On repositories of patches and tension between security professionals and in-house developers


George Neville-Neil

Dear KV,
I recently came upon a software repository that was not a repo of code, but a repo of patches. The project seemed to build itself out of several other components and then had complicated scripts that applied the patches in a particular order. I had to look at this repo because I wanted to fix a bug in the system, but trying to figure out what the code actually looked like at any particular point in time was baffling. Are there tools that would help in working like this? I've never come across this type of system before, where there were over a hundred patches, some of which contained thousands of lines of code.

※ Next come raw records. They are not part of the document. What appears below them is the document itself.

(* Let $\theta:\mathbb{A}\to\mathbb{A}^\lambda$ and $\zeta:\mathbb{B}\to\mathbb{B}^\lambda$ be primitive substitutions of the same length $\lambda$, each satisfying the standing assumptions, and let $\Sigma=\theta\vee\zeta:\mathcal{A}\to\mathcal{A}^\lambda$ be a substitution joining of them. Then $\operatorname{lcm}(h(\theta),h(\zeta))\mid h(\Sigma)$ and $$\max(c(\theta),c(\zeta))\le c(\Sigma)\le c(\theta)\cdot c(\zeta).$$
   Context: A substitution $\theta:\mathbb{A}\to\mathbb{A}^\lambda$ ($\lambda\ge2$) is primitive if some iterate $\theta^k(a)$ contains all letters for every $a$. Standing assumptions for a substitution: some letter $a_0$ with $\theta(a_0)_0=a_0$, injective on letters, infinite subshift. Height $h(\theta)=\max\{m\ge1:\gcd(m,\lambda)=1,\ m\mid\gcd\{r\ge1:u[r]=u[0]\}\}$ with $u$ the fixed point starting with $a_0$ (for $\Sigma$, use a fixed point of a suitable power); column number $c(\theta)=\min_{k\ge1,0\le j<\lambda^k}|\{\theta^k(a)_j:a\in\mathbb{A}\}|$. A substitution joining: $\mathcal{A}\subset\mathbb{A}\times\mathbb{B}$ with both coordinate projections surjective and such that $(a,b)\in\mathcal{A}$ implies $(\theta(a)_j,\zeta(b)_j)\in\mathcal{A}$ for all $0\le j<\lambda$; $\Sigma(a,b)_j=(\theta(a)_j,\zeta(b)_j)$, and $\Sigma$ is assumed primitive and to have a letter $e$ with $\Sigma(e)_0=e$. *)

From HB Require Import structures.
From mathcomp Require Import all_boot all_order all_algebra.
Set Implicit Arguments. Unset Strict Implicit. Unset Printing Implicit Defensive.

(* subst_pow th k a j = th^k(a)_j, the j-th letter (0-based) of the word
   th^k(a) of length lam^k (meaningful for j < lam^k):
   th^(k+1)(a)_j = th( th^k(a)_(j / lam) )_(j mod lam). *)
Fixpoint subst_pow (T : Type) (lam : nat) (th : T -> lam.-tuple T)
    (k : nat) (a : T) (j : nat) : T :=
  match k with
  | 0 => a
  | k'.+1 => let b := subst_pow th k' a (j %/ lam) in nth b (th b) (j %% lam)
  end.

Definition primitive (T : finType) (lam : nat) (th : T -> lam.-tuple T) : Prop :=
  exists k, 0 < k /\ forall a b : T, exists2 j, j < lam ^ k & subst_pow th k a j = b.

Definition occurs (T : finType) (lam : nat) (th : T -> lam.-tuple T) (w : seq T) : Prop :=
  exists k a i, i + size w <= lam ^ k /\
    forall t, t < size w -> subst_pow th k a (i + t) = nth a w t.

Definition in_subshift (T : finType) (lam : nat) (th : T -> lam.-tuple T)
    (x : int -> T) : Prop :=
  forall (m : int) (n : nat), occurs th [seq x (m + i%:Z)%R | i <- iota 0 n].

Definition infinite_subshift (T : finType) (lam : nat) (th : T -> lam.-tuple T) : Prop :=
  ~ (exists s : seq (int -> T), forall x, in_subshift th x ->
       exists2 i, i < size s & x =1 nth x s i).

(* the fixed point u starting with a0 (assuming th(a0)_0 = a0):
   u[r] = th^k(a0)_r for any k with r < lam^k; we take k = r+1. *)
Definition fixpt (T : Type) (lam : nat) (th : T -> lam.-tuple T) (a0 : T) (r : nat) : T :=
  subst_pow th r.+1 a0 r.

(* m divides gcd{ r >= 1 : u[r] = u[0] }  iff  m divides every such r *)
Definition divides_returns (T : eqType) (lam : nat) (th : T -> lam.-tuple T)
    (a0 : T) (m : nat) : Prop :=
  forall r, 0 < r -> fixpt th a0 r = fixpt th a0 0 -> m %| r.

Definition height_of (T : eqType) (lam : nat) (th : T -> lam.-tuple T)
    (a0 : T) (h : nat) : Prop :=
  [/\ 0 < h, coprime h lam, divides_returns th a0 h &
      forall m, 0 < m -> coprime m lam -> divides_returns th a0 m -> m <= h].

Definition column (T : finType) (lam : nat) (th : T -> lam.-tuple T) (k j : nat) : {set T} :=
  [set subst_pow th k a j | a : T].

Definition colnum_of (T : finType) (lam : nat) (th : T -> lam.-tuple T) (c : nat) : Prop :=
  (exists k j, [/\ 0 < k, j < lam ^ k & #|column th k j| = c]) /\
  (forall k j, 0 < k -> j < lam ^ k -> c <= #|column th k j|).

From HB Require Import structures.
From mathcomp Require Import all_boot all_order all_algebra.
Set Implicit Arguments. Unset Strict Implicit. Unset Printing Implicit Defensive.

(* Both coordinate projections of a joining intertwine Sigma with theta and
   zeta.  A return time of the fixed point of Sigma is therefore a return time
   of fixed points of theta and zeta, and by primitivity these are divisible
   by the heights of theta and zeta; maximality of the height of Sigma then
   gives the divisibility.  Columns of Sigma project onto columns of theta and
   zeta (lower bound) and embed into products of a theta-column and a
   zeta-column.  If theta^k1 has a minimal column at j1 and zeta^k2 at j2, the
   column of Sigma^(k1+k2) at lam^k1 j2 + j1 embeds into the product of these
   two minimal columns (upper bound). *)

Lemma ltn_exp_mulD (lam m n i j : nat) :
  j < lam ^ m -> i < lam ^ n -> lam ^ m * i + j < lam ^ (m + n).
Proof.
move=> lt_j lt_i; rewrite expnD.
have lt_succ : lam ^ m * i + j < lam ^ m * i.+1 by rewrite mulnS addnC ltn_add2r.
by apply: (leq_trans lt_succ); apply: leq_mul.
Qed.

Lemma ltn_expS (lam n : nat) : 1 < lam -> n < lam ^ n.+1.
Proof.
move=> lam_gt1; apply: (leq_trans (ltn_expl n lam_gt1)).
by apply: leq_pexp2l => //; apply: ltnW.
Qed.

Section SubstitutionPowers.

Variables (T : Type) (lam : nat) (th : T -> lam.-tuple T).
Hypothesis lam_gt0 : 0 < lam.

Lemma subst_powD m n a i j : j < lam ^ m ->
  subst_pow th (m + n) a (lam ^ m * i + j) = subst_pow th m (subst_pow th n a i) j.
Proof.
elim: m j => [|m IHm] j lt_j.
  by rewrite expn0 in lt_j; case: j lt_j => // _; rewrite expn0 mul1n addn0.
rewrite addSn /= expnSr -mulnA (mulnC lam) mulnA divnMDl // modnMDl IHm //.
by rewrite ltn_divLR // -expnSr.
Qed.

Lemma subst_pow_fixed0 n a : nth a (th a) 0 = a -> subst_pow th n a 0 = a.
Proof. by move=> tha; elim: n => //= n IHn; rewrite div0n mod0n IHn. Qed.

End SubstitutionPowers.

Section FixedPoint.

Variables (T : Type) (lam : nat) (th : T -> lam.-tuple T).
Hypothesis lam_gt1 : 1 < lam.

Let lam_gt0 : 0 < lam. Proof. exact: ltnW. Qed.

Lemma fixptE a k r : nth a (th a) 0 = a -> r < lam ^ k ->
  fixpt th a r = subst_pow th k a r.
Proof.
move=> tha lt_r.
have prefix N M p : p < lam ^ N -> subst_pow th (N + M) a p = subst_pow th N a p.
  move=> lt_p; have := subst_powD th lam_gt0 M a 0 lt_p.
  by rewrite muln0 add0n subst_pow_fixed0.
by rewrite /fixpt -(prefix _ k _ (ltn_expS r lam_gt1)) addnC prefix.
Qed.

Lemma fixpt_mulD a m i j : nth a (th a) 0 = a -> j < lam ^ m ->
  fixpt th a (lam ^ m * i + j) = subst_pow th m (fixpt th a i) j.
Proof.
move=> tha lt_j.
rewrite (@fixptE _ (m + i.+1)) ?subst_powD //.
by apply: ltn_exp_mulD => //; apply: ltn_expS.
Qed.

End FixedPoint.

(* The height is defined through one fixed letter [a0]; primitivity transfers
   the divisibility to the fixed point of any other fixed letter [a]. *)
Lemma divides_returns_fixed (T : finType) lam (th : T -> lam.-tuple T) a0 a h r :
  1 < lam -> primitive th -> nth a0 (th a0) 0 = a0 -> nth a (th a) 0 = a ->
  coprime h lam -> divides_returns th a0 h -> fixpt th a r = fixpt th a 0 -> h %| r.
Proof.
move=> lam_gt1 [k [k_gt0 prim]] tha0 tha co_h dvd_ret ret_r.
have lam_gt0 : 0 < lam by apply: ltnW.
have [q lt_q u_q] := prim a0 a; have [p lt_p u_p] := prim a a0.
have dvd_a0_return Q : fixpt th a0 Q = a0 -> h %| Q.
  case: Q => // Q u_Q; apply: dvd_ret => //.
  by rewrite u_Q /fixpt subst_pow_fixed0.
have a_at_q : fixpt th a0 q = a by rewrite (fixptE lam_gt1 tha0 lt_q).
have a_at_r : subst_pow th r.+1 a r = a.
  by move: ret_r; rewrite /fixpt => ->; rewrite subst_pow_fixed0.
(* [a] occurs at positions [lam^(r+1) q] and [lam^(r+1) q + r] of the fixed
   point of [a0], so [a0] occurs at two positions differing by [lam^k r]. *)
have a_at s : s < lam ^ r.+1 -> subst_pow th r.+1 a s = a ->
    fixpt th a0 (lam ^ k * (lam ^ r.+1 * q + s) + p) = a0.
  by move=> lt_s u_s; rewrite !fixpt_mulD // a_at_q u_s.
have pos_lam_pow : 0 < lam ^ r.+1 by rewrite expn_gt0 lam_gt0.
have d0 := dvd_a0_return _ (a_at 0 pos_lam_pow (subst_pow_fixed0 _ tha)).
have := dvd_a0_return _ (a_at r (ltn_expS r lam_gt1) a_at_r).
have -> : lam ^ k * (lam ^ r.+1 * q + r) + p
    = lam ^ k * (lam ^ r.+1 * q + 0) + p + lam ^ k * r by rewrite addn0 mulnDr addnAC.
by rewrite (dvdn_addr _ d0) Gauss_dvdr // coprimeXr.
Qed.

Section SubstitutionMorphism.

Variables (U T : Type) (lam : nat) (si : U -> lam.-tuple U) (th : T -> lam.-tuple T).
Variable phi : U -> T.
Hypothesis lam_gt0 : 0 < lam.
Hypothesis phi_morph : forall x (j : 'I_lam), phi (tnth (si x) j) = tnth (th (phi x)) j.

Lemma subst_pow_morph n x j : phi (subst_pow si n x j) = subst_pow th n (phi x) j.
Proof.
elim: n x j => [|n IHn] x j //=.
have tnthE (V : Type) (t : lam.-tuple V) d :
    nth d t (j %% lam) = tnth t (Ordinal (ltn_pmod j lam_gt0)).
  by rewrite (tnth_nth d).
by rewrite !tnthE phi_morph IHn.
Qed.

Lemma fixpt_morph x r : phi (fixpt si x r) = fixpt th (phi x) r.
Proof. exact: subst_pow_morph. Qed.

Lemma fixed0_morph x : nth x (si x) 0 = x -> nth (phi x) (th (phi x)) 0 = phi x.
Proof.
move=> six; have := subst_pow_morph 1 x 0.
by rewrite /= ?div0n ?mod0n six.
Qed.

End SubstitutionMorphism.

Section Columns.

Variables (T : finType) (lam : nat) (th : T -> lam.-tuple T).
Hypothesis lam_gt0 : 0 < lam.

Lemma card_column_mulDl m n i j : j < lam ^ m ->
  #|column th (m + n) (lam ^ m * i + j)| <= #|column th m j|.
Proof.
move=> lt_j; apply: subset_leq_card; apply/subsetP => _ /imsetP [a _ ->].
by rewrite subst_powD //; apply: imset_f.
Qed.

Lemma card_column_mulDr m n i j : j < lam ^ m ->
  #|column th (m + n) (lam ^ m * i + j)| <= #|column th n i|.
Proof.
move=> lt_j; apply: (leq_trans _ (leq_imset_card (fun b => subst_pow th m b j) _)).
apply: subset_leq_card; apply/subsetP => _ /imsetP [a _ ->].
by rewrite subst_powD //; apply: imset_f; apply: imset_f.
Qed.

End Columns.

Section ColumnsOfMorphisms.

Variables (U T : finType) (lam : nat) (si : U -> lam.-tuple U) (th : T -> lam.-tuple T).
Variable phi : U -> T.
Hypothesis lam_gt0 : 0 < lam.
Hypothesis phi_morph : forall x (j : 'I_lam), phi (tnth (si x) j) = tnth (th (phi x)) j.

Lemma card_column_morph k j : (forall a, exists x, phi x = a) ->
  #|column th k j| <= #|column si k j|.
Proof.
move=> phi_surj; apply: (leq_trans _ (leq_imset_card phi _)).
apply: subset_leq_card; apply/subsetP => _ /imsetP [a _ ->].
have [x <-] := phi_surj a; apply/imsetP; exists (subst_pow si k x j).
  exact: imset_f.
by rewrite (subst_pow_morph lam_gt0 phi_morph).
Qed.

Lemma colnum_morph_le c cs : (forall a, exists x, phi x = a) ->
  colnum_of th c -> colnum_of si cs -> c <= cs.
Proof.
move=> phi_surj [_ min_c] [[k [j [k_gt0 lt_j <-]]] _].
exact: leq_trans (min_c k j k_gt0 lt_j) (card_column_morph k j phi_surj).
Qed.

Variables (V : finType) (ze : V -> lam.-tuple V) (psi : U -> V).
Hypothesis psi_morph : forall x (j : 'I_lam), psi (tnth (si x) j) = tnth (ze (psi x)) j.
Hypothesis pair_inj : injective (fun x => (phi x, psi x)).

Lemma card_column_pair k j :
  #|column si k j| <= #|column th k j| * #|column ze k j|.
Proof.
rewrite -cardsX -(card_imset _ pair_inj); apply: subset_leq_card.
apply/subsetP => _ /imsetP [_ /imsetP [x _ ->] ->].
rewrite inE /= (subst_pow_morph lam_gt0 phi_morph) (subst_pow_morph lam_gt0 psi_morph).
by rewrite !imset_f.
Qed.

Lemma colnum_pair_le c1 c2 c : colnum_of th c1 -> colnum_of ze c2 -> colnum_of si c ->
  c <= c1 * c2.
Proof.
move=> [[k1 [j1 [k1_gt0 lt_j1 <-]]] _] [[k2 [j2 [_ lt_j2 <-]]] _] [_ min_c].
have lt_pos := ltn_exp_mulD lt_j1 lt_j2.
apply: (leq_trans (min_c _ _ _ lt_pos)); first by rewrite addn_gt0 k1_gt0.
apply: (leq_trans (card_column_pair _ _)).
by apply: leq_mul; [apply: card_column_mulDl | apply: card_column_mulDr].
Qed.

End ColumnsOfMorphisms.

Lemma coprime_lcm m n p : coprime m p -> coprime n p -> coprime (lcmn m n) p.
Proof.
move=> co_m co_n; apply: (coprime_dvdl (n := m * n)); last by rewrite coprimeMl co_m.
by rewrite dvdn_lcm dvdn_mulr // dvdn_mull.
Qed.

Lemma dvdn_height (T : eqType) lam (th : T -> lam.-tuple T) a0 h m :
  height_of th a0 h -> 0 < m -> coprime m lam -> divides_returns th a0 m -> m %| h.
Proof.
move=> [h_gt0 co_h dvd_h max_h] m_gt0 co_m dvd_m.
have lcm_gt0 : 0 < lcmn m h by rewrite lcmn_gt0 m_gt0.
have le_lcm : lcmn m h <= h.
  apply: max_h => //; first exact: coprime_lcm.
  by move=> r r_gt0 ret_r; rewrite dvdn_lcm dvd_m ?dvd_h.
have -> : h = lcmn m h by apply/eqP; rewrite eqn_leq dvdn_leq ?dvdn_lcmr.
exact: dvdn_lcml.
Qed.

Lemma divides_returns_morph (U : eqType) (T : finType) lam (si : U -> lam.-tuple U)
    (th : T -> lam.-tuple T) (phi : U -> T) e a0 h :
  1 < lam -> (forall x (j : 'I_lam), phi (tnth (si x) j) = tnth (th (phi x)) j) ->
  primitive th -> nth a0 (th a0) 0 = a0 -> nth e (si e) 0 = e ->
  coprime h lam -> divides_returns th a0 h -> divides_returns si e h.
Proof.
move=> lam_gt1 phi_morph prim tha0 sie co_h dvd_h r _ ret_r.
have lam_gt0 : 0 < lam by apply: ltnW.
apply: (divides_returns_fixed lam_gt1 prim tha0 (fixed0_morph lam_gt0 phi_morph sie)) => //.
by rewrite -!(fixpt_morph lam_gt0 phi_morph) ret_r.
Qed.

Theorem mainTheorem15 (lam : nat) (A B : finType)
  (th : A -> lam.-tuple A) (ze : B -> lam.-tuple B)
  (S : {set A * B})
  (Si : {x : A * B | x \in S} -> lam.-tuple {x : A * B | x \in S})
  (a0 : A) (b0 : B) (e : {x : A * B | x \in S}) :
  2 <= lam ->
  primitive th -> nth a0 (th a0) 0 = a0 -> injective th -> infinite_subshift th ->
  primitive ze -> nth b0 (ze b0) 0 = b0 -> injective ze -> infinite_subshift ze ->
  (forall a : A, exists b : B, (a, b) \in S) ->
  (forall b : B, exists a : A, (a, b) \in S) ->
  (forall x, x \in S -> forall j : 'I_lam, (tnth (th x.1) j, tnth (ze x.2) j) \in S) ->
  (forall (x : {x : A * B | x \in S}) (j : 'I_lam),
      val (tnth (Si x) j) = (tnth (th (val x).1) j, tnth (ze (val x).2) j)) ->
  primitive Si -> nth e (Si e) 0 = e ->
  (forall hth hze hSi, height_of th a0 hth -> height_of ze b0 hze ->
      height_of Si e hSi -> lcmn hth hze %| hSi) /\
  (forall cth cze cSi, colnum_of th cth -> colnum_of ze cze -> colnum_of Si cSi ->
      maxn cth cze <= cSi <= cth * cze).
Proof.
move=> lam_gt1 prim_th th_a0 _ _ prim_ze ze_b0 _ _ surjA surjB _ SiE _ Si_e.
have lam_gt0 : 0 < lam by apply: ltnW.
have fst_morph x (j : 'I_lam) : (val (tnth (Si x) j)).1 = tnth (th (val x).1) j.
  by rewrite SiE.
have snd_morph x (j : 'I_lam) : (val (tnth (Si x) j)).2 = tnth (ze (val x).2) j.
  by rewrite SiE.
split.
- move=> hth hze hSi [hth_gt0 co_th dvd_th _] [hze_gt0 co_ze dvd_ze _] height_Si.
  apply: dvdn_height height_Si _ _ _; first by rewrite lcmn_gt0 hth_gt0.
    exact: coprime_lcm.
  move=> r r_gt0 ret_r; rewrite dvdn_lcm.
  by rewrite (divides_returns_morph lam_gt1 fst_morph prim_th th_a0 Si_e co_th dvd_th)
    ?(divides_returns_morph lam_gt1 snd_morph prim_ze ze_b0 Si_e co_ze dvd_ze).
- move=> cth cze cSi col_th col_ze col_Si.
  have fst_surj a : exists x : {x : A * B | x \in S}, (val x).1 = a.
    by have [b Sab] := surjA a; exists (exist _ (a, b) Sab).
  have snd_surj b : exists x : {x : A * B | x \in S}, (val x).2 = b.
    by have [a Sab] := surjB b; exists (exist _ (a, b) Sab).
  have pair_inj : injective (fun x : {x : A * B | x \in S} => ((val x).1, (val x).2)).
    move=> x y /= [eq1 eq2]; apply: val_inj.
    by rewrite [val x]surjective_pairing eq1 eq2 -surjective_pairing.
  rewrite geq_max (colnum_morph_le lam_gt0 fst_morph fst_surj col_th col_Si).
  rewrite (colnum_morph_le lam_gt0 snd_morph snd_surj col_ze col_Si) /=.
  exact: (colnum_pair_le lam_gt0 fst_morph snd_morph pair_inj).
Qed.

Pick a Peck of Pickled Patches

Dear Pickled,

The appropriate tools for such a system do exist, but they require a background check in many of the United States and are banned outright in the more developed countries of the world.

What you are faced with is a project that probably ought to have forked the projects it was working with, but, instead, started with one patch, then two patches, then four patches, until you have what you see before you. When a project is developing quickly and has not started out with the understanding that it is a significant derivative work, the proper use of source code control tools may not occur soon enough in the development process. It requires discipline to spend some upfront time thinking about how to integrate existing code with new development, and if that work doesn't get done early, it often doesn't get done at all.

If you want to fix a single bug in the system, I suggest you contact the developers, because they should understand what they've done—and the mess they're in—sufficiently well to be able to address your problem more quickly than you can sort out what they've done with their system. On the other hand, if you need to do significant work on the system you're looking at, you may have to take more extreme measures.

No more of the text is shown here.